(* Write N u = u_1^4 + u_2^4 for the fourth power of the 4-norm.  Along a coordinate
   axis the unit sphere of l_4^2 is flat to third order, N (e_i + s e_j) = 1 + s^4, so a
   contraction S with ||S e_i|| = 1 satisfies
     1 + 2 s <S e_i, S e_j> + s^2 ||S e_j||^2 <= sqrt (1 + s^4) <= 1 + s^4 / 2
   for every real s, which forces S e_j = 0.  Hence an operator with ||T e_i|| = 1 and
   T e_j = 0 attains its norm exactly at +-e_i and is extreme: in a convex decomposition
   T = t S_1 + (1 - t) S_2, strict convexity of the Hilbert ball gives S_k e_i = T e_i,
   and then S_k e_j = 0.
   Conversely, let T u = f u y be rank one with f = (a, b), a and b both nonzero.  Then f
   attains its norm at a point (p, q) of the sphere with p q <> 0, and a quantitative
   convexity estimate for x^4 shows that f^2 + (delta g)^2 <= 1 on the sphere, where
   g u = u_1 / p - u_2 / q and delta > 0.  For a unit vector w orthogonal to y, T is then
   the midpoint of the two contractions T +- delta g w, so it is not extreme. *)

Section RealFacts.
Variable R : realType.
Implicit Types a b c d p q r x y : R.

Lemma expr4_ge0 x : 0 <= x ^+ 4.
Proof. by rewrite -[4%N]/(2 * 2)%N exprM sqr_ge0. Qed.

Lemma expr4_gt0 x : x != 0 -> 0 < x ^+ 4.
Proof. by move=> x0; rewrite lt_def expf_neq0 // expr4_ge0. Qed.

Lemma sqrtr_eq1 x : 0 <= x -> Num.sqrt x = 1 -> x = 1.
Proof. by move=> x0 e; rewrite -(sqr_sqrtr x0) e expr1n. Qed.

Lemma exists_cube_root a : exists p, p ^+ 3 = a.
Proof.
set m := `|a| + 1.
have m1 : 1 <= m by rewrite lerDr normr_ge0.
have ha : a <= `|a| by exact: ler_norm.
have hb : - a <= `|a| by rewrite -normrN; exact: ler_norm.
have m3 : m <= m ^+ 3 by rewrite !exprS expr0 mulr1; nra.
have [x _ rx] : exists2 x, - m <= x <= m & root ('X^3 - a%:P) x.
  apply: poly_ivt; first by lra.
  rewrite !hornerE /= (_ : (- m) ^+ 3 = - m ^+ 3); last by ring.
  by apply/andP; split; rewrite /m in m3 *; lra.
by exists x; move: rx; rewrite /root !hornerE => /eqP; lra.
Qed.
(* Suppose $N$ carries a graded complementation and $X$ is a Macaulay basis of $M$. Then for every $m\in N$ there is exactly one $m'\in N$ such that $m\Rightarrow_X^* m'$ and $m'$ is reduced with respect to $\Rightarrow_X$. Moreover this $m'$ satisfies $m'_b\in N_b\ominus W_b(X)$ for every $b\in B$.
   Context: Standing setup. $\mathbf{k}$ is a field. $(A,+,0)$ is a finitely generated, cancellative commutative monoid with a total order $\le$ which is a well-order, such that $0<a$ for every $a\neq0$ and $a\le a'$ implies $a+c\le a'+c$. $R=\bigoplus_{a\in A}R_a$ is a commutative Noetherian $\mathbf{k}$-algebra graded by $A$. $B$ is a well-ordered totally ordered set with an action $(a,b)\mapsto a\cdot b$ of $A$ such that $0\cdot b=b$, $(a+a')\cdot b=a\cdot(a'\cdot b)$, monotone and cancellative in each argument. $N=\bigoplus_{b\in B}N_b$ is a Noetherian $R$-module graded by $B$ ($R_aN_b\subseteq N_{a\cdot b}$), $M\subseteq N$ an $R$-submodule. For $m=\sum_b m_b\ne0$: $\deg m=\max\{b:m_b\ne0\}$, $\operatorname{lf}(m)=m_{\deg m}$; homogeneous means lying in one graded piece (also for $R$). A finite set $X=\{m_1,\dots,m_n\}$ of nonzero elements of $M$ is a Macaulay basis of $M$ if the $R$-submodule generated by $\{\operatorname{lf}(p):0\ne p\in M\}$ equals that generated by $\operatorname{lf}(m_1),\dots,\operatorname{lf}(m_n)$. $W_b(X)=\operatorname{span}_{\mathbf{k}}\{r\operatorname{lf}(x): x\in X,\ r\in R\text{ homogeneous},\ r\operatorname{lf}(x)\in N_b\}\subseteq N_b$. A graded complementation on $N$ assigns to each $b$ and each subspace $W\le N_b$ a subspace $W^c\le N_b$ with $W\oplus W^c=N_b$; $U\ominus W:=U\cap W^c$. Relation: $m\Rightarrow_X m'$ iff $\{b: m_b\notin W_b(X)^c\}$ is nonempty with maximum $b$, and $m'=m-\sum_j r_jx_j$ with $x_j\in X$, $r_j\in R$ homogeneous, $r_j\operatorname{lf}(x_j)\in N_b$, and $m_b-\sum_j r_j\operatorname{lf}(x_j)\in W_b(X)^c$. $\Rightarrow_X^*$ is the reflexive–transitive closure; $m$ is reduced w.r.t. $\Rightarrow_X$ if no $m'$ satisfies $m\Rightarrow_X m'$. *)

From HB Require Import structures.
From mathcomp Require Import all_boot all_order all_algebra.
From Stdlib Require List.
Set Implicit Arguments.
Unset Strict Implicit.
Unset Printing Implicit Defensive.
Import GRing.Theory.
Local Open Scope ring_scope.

_Exercise description:_ Could you return all lines from the data above that contain the string "unit"?

_Answer:_
   axis the unit sphere of l_4^2 is flat to third order, N (e_i + s e_j) = 1 + s^4, so a
   g u = u_1 / p - u_2 / q and delta > 0.  For a unit vector w orthogonal to y, T is then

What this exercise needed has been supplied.